The data obtained by us can be characterized quantitatively by Table 1. The experimental values \(N\) given in the table are multiplied by
coefficient 2 to account for shielding by the Earth. The table shows that our data differ by more than \(10^3\) times from the results obtained previously by other authors using piezoelectric detectors. Even the values of \(N\) calculated on the assumption that all recorded signals correspond to collisions with micrometeors are 1–2 orders of magnitude lower than estimates based on literature data.
It is important to note that the estimate we obtained, \(N \leqslant 4.6 \cdot 10^{-6}\) particles/m\(^2\)·s, corresponding to one possible collision recorded by the sensors of the first instrument, is in good agreement with the data on the frequency of punctures of thin shells of gas-filled cells, wire meshes, and thin capacitors obtained on the satellites “Explorer 16” and “Explorer 23” and “Pegasus 1” and “Pegasus 2” \((^{6-8})\), and eliminates the need for artificial explanations of discrepancies between data on punctures and collisions \((^{6,8})\).
Table 1
| Instrument | Exposure, m\(^2\)·s | Sensitivity, dyne·s | Collision frequency \(N\), m\(^{-2}\)·s\(^{-1}\), including background noise | Collision frequency \(N\), m\(^{-2}\)·s\(^{-1}\), without background | Collision frequency \(N\), m\(^{-2}\)·s\(^{-1}\), calculated from lit. data \((^1)\) |
|---|---|---|---|---|---|
| No. 1, sensors on the panel | \(4.4 \cdot 10^5\) | \(6 \cdot 10^{-3}\) | \(1.6 \cdot 10^{-4}\) | \(4.6 \cdot 10^{-6}\) | \(6.2 \cdot 10^{-3}\) |
| No. 2, sensors on the body | \(5.4 \cdot 10^5\) | \(7 \cdot 10^{-3}\) | \(7.6 \cdot 10^{-4}\) | — | \(4.7 \cdot 10^{-3}\) |
| No. 2, sensors on the body | \(5.4 \cdot 10^5\) | \(5.3 \cdot 10^{-2}\) | \(3.6 \cdot 10^{-6}\) | — | \(1.6 \cdot 10^{-4}\) |
From the data presented the following follows. The use of collision sensors for micrometeors based on the registration of mechanical oscillations requires careful protective measures against disturbances of acoustic, thermal, and electrical origin. On the basis of the results we obtained, and taking into account the results of laboratory studies of the piezoelectric sensors used previously \((^4)\), it may be assumed that in the experiments described in the literature the level of disturbances was excessively high, and the reported values for the collision frequency are greatly overestimated and do not correspond to reality.
The existence of a dust cloud around the Earth cannot be considered established. Moreover, the data from our measurements of the collision frequency, in agreement with the data from measurements of puncture frequency, rather testify to its absence.

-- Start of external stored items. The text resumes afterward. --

Lemma card_perm_fiber k1 k2 m1 m2 : k1 != k2 -> m1 != m2 ->
  #|perm_fiber k1 k2 m1 m2| * (n * n.-1) = n`!.
Proof.
move=> k12 m12.
have fiber_eq m1' m2' : m2' != m1' -> #|perm_fiber k1 k2 m1' m2'| = #|perm_fiber k1 k2 m1 m2|.
  by move=> m12'; apply/anti_leq; rewrite !card_perm_fiber_le // eq_sym.
rewrite -card_Sn -[RHS]sum1_card.
rewrite (partition_big (fun s : {perm 'I_n} => (s k1, s k2))
                      (fun m : 'I_n * 'I_n => m.2 != m.1)) /=; last first.
  by move=> s _; rewrite (inj_eq perm_inj) eq_sym.
rewrite (eq_bigr (fun _ => #|perm_fiber k1 k2 m1 m2|)); last first.
  move=> [a c] /= ca; rewrite -(fiber_eq a c ca) -[RHS]sum1_card; apply: eq_bigl => s.
  by rewrite !inE xpair_eqE.
rewrite sum_nat_const mulnC; congr (_ * _).
rewrite -sum1_card (eq_bigl (fun m : 'I_n * 'I_n => xpredT m.1 && (m.2 != m.1))) //.
rewrite -(pair_big_dep xpredT (fun a c : 'I_n => c != a) (fun _ _ => 1)) /=.
under eq_bigr => a _ do rewrite (sum1_card (predC1 a)) cardC1 card_ord.
by rewrite sum_nat_const card_ord.
Qed.

End PermFibers.

Section SignFibers.
Variable n : nat.
Implicit Types (k : 'I_n) (e : {ffun 'I_n -> bool}) (K : {set 'I_n}).

Definition even_signs := [set e : {ffun 'I_n -> bool} | ~~ odd #|[set k | e k]|].

Definition sign_fiber k1 k2 b1 b2 := [set e in even_signs | (e k1 == b1) && (e k2 == b2)].

Definition flip_signs K e : {ffun 'I_n -> bool} := [ffun k => (k \in K) (+) e k].

Lemma flip_signsK K : involutive (flip_signs K).
Proof. by move=> e; apply/ffunP => k; rewrite !ffunE addbA addbb. Qed.

Lemma flip_signs_even K e : ~~ odd #|K| -> (flip_signs K e \in even_signs) = (e \in even_signs).
Proof.
move=> K_even; rewrite !inE (eq_card (B := [set k | (k \in K) (+) e k])); last first.
  by move=> k; rewrite !inE ffunE.
rewrite odd_card_addb (_ : [set k | k \in K] = K) ?(negbTE K_even) //.
by apply/setP => k; rewrite inE.
Qed.

Lemma card_sign_fiber_le k1 k2 K b1 b2 c1 c2 : ~~ odd #|K| ->
  b1 (+) c1 = (k1 \in K) -> b2 (+) c2 = (k2 \in K) ->
  #|sign_fiber k1 k2 b1 b2| <= #|sign_fiber k1 k2 c1 c2|.
Proof.
move=> K_even K1 K2; rewrite -(card_imset _ (inv_inj (flip_signsK K))).
apply/subset_leq_card/subsetP => _ /imsetP [e + ->].
rewrite [in X in X -> _]inE [in X in _ -> X]inE flip_signs_even // !ffunE -K1 -K2.
by case/and3P => -> /eqP <- /eqP <-; rewrite [_ (+) c1]addbC [_ (+) c2]addbC !addbK !eqxx.
Qed.

Lemma exists_ord_neq2 k1 k2 : (2 < n)%N -> exists k3, (k3 != k1) && (k3 != k2).
Proof.
move=> n_gt2; case: (pickP (fun k => (k != k1) && (k != k2))) => [k3 k3P|none].
  by exists k3.
have : #|'I_n| <= #|[set k1; k2]|.
  apply/subset_leq_card/subsetP => k _; move: (none k); rewrite !inE.
  by case: (k == k1); case: (k == k2).
by rewrite card_ord cards2; case: (k1 != k2) => /=; lia.
Qed.

Lemma card_sign_fiber_eq k1 k2 b1 b2 c1 c2 : (2 < n)%N -> k1 != k2 ->
  #|sign_fiber k1 k2 b1 b2| = #|sign_fiber k1 k2 c1 c2|.
Proof.
move=> n_gt2 k12; have [k3 /andP [k31 k32]] := exists_ord_neq2 k1 k2 n_gt2.
(* flipping the signs at k and at a third position k3 preserves the parity *)
have K1_even : ~~ odd #|[set k1; k3]| by rewrite cards2 eq_sym k31.
have K2_even : ~~ odd #|[set k2; k3]| by rewrite cards2 eq_sym k32.
have k1K1 : k1 \in [set k1; k3] by rewrite set21.
have k2K2 : k2 \in [set k2; k3] by rewrite set21.
have k2K1 : k2 \notin [set k1; k3] by rewrite !inE negb_or eq_sym k12 eq_sym k32.
have k1K2 : k1 \notin [set k2; k3] by rewrite !inE negb_or k12 eq_sym k31.
have flip1 d1 d2 : #|sign_fiber k1 k2 d1 d2| = #|sign_fiber k1 k2 (~~ d1) d2|.
  by apply/anti_leq; rewrite !(card_sign_fiber_le K1_even) ?(negbTE k2K1) ?k1K1 ?addbb //;
    case: d1.
have flip2 d1 d2 : #|sign_fiber k1 k2 d1 d2| = #|sign_fiber k1 k2 d1 (~~ d2)|.
  by apply/anti_leq; rewrite !(card_sign_fiber_le K2_even) ?(negbTE k1K2) ?k2K2 ?addbb //;
    case: d2.
have -> : #|sign_fiber k1 k2 b1 b2| = #|sign_fiber k1 k2 c1 b2|.
  by case: b1 c1 => [] []; rewrite // flip1.
by case: b2 c2 => [] []; rewrite // flip2.
Qed.

Lemma card_sign_fiber k1 k2 b1 b2 : (2 < n)%N -> k1 != k2 ->
  #|sign_fiber k1 k2 b1 b2| * 4 = #|even_signs|.
Proof.
move=> n_gt2 k12; rewrite (card_fibers even_signs (fun e => (e k1, e k2))).
rewrite (eq_bigr (fun _ => #|sign_fiber k1 k2 b1 b2|)) => [|[c1 c2] _].
  by rewrite sum_nat_const card_prod card_bool mulnC.
by rewrite (card_sign_fiber_eq c1 c2 b1 b2 n_gt2 k12).
Qed.

End SignFibers.

Local Open Scope ring_scope.

(* pi(k) = pi(slot k) for the odd extension of pi, so slot 0 = -2 encodes the
   convention pi(0) = -pi(2). *)
Definition slot (k : nat) : int := if k is 0%N then -2 else k%:Z.

(* The simple reflections of D_n acting on values; s_0 = (1 -2)(-1 2). *)
Definition sref (i : nat) (z : int) : int :=
  let a := slot i in let b := slot i.+1 in
  if z == a then b else if z == b then a else
  if z == - a then - b else if z == - b then - a else z.

Definition sref_inversion (i : nat) (x y : int) : bool :=
  [|| (x == slot i) && (y == slot i.+1), (x == slot i.+1) && (y == slot i),
      (x == - slot i) && (y == - slot i.+1) | (x == - slot i.+1) && (y == - slot i)].

Definition inpm (n : nat) (z : int) : bool := (z != 0) && (`|z| <= n%:Z).

Ltac case_eqs := repeat (case: eqP => /= ?); try lia.
Ltac sref_cases i := rewrite /sref_inversion /sref; case: i => [|i] /=;
  repeat match goal with |- context [?x == ?a] => is_var x; case: (x =P a) => [?|?]; [subst x|] end;
  case_eqs.

Lemma slot_lt i : slot i < slot i.+1.
Proof. by case: i => [|i] /=; lia. Qed.

Lemma slot_norm_neq i : `|slot i| != `|slot i.+1|.
Proof. by case: i => [|i] /=; lia. Qed.

Lemma inpm_slot n i : (1 < n)%N -> (i < n)%N -> inpm n (slot i) && inpm n (slot i.+1).
Proof. by rewrite /inpm; case: i => [|i] /=; lia. Qed.

Lemma inpmN n z : inpm n (- z) = inpm n z.
Proof. by rewrite /inpm; lia. Qed.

Physico-Technical Institute named after A. F. Ioffe
Academy of Sciences of the USSR
Received
27 II 1967
CITED LITERATURE
- W. M. Alexander, O. E. Berg et al., Space Res., III, North-Holland, Amsterdam, 1963, p. 891.
- T. N. Nazarova, Cosmic Research, 4, No. 6, 900 (1966).
- F. L. Whipple, Nature, 189, 127 (1961).
- C. Nilsson, Science, 153, 1242 (1966).
- I. I. Shapiro, D. A. Lautman, G. Colombo, J. Geophys. Res., 71, No. 23, 5695 (1966).
- C. T. D’Aiutolo, Space Research, IV, North-Holland, Amsterdam, 1964, p. 858.
- R. G. Neswald, Space Aeronautics, 45, No. 5, 76 (1966).
- I. F. Vedder, Space Sci. Rev., 6, No. 3, 365 (1966).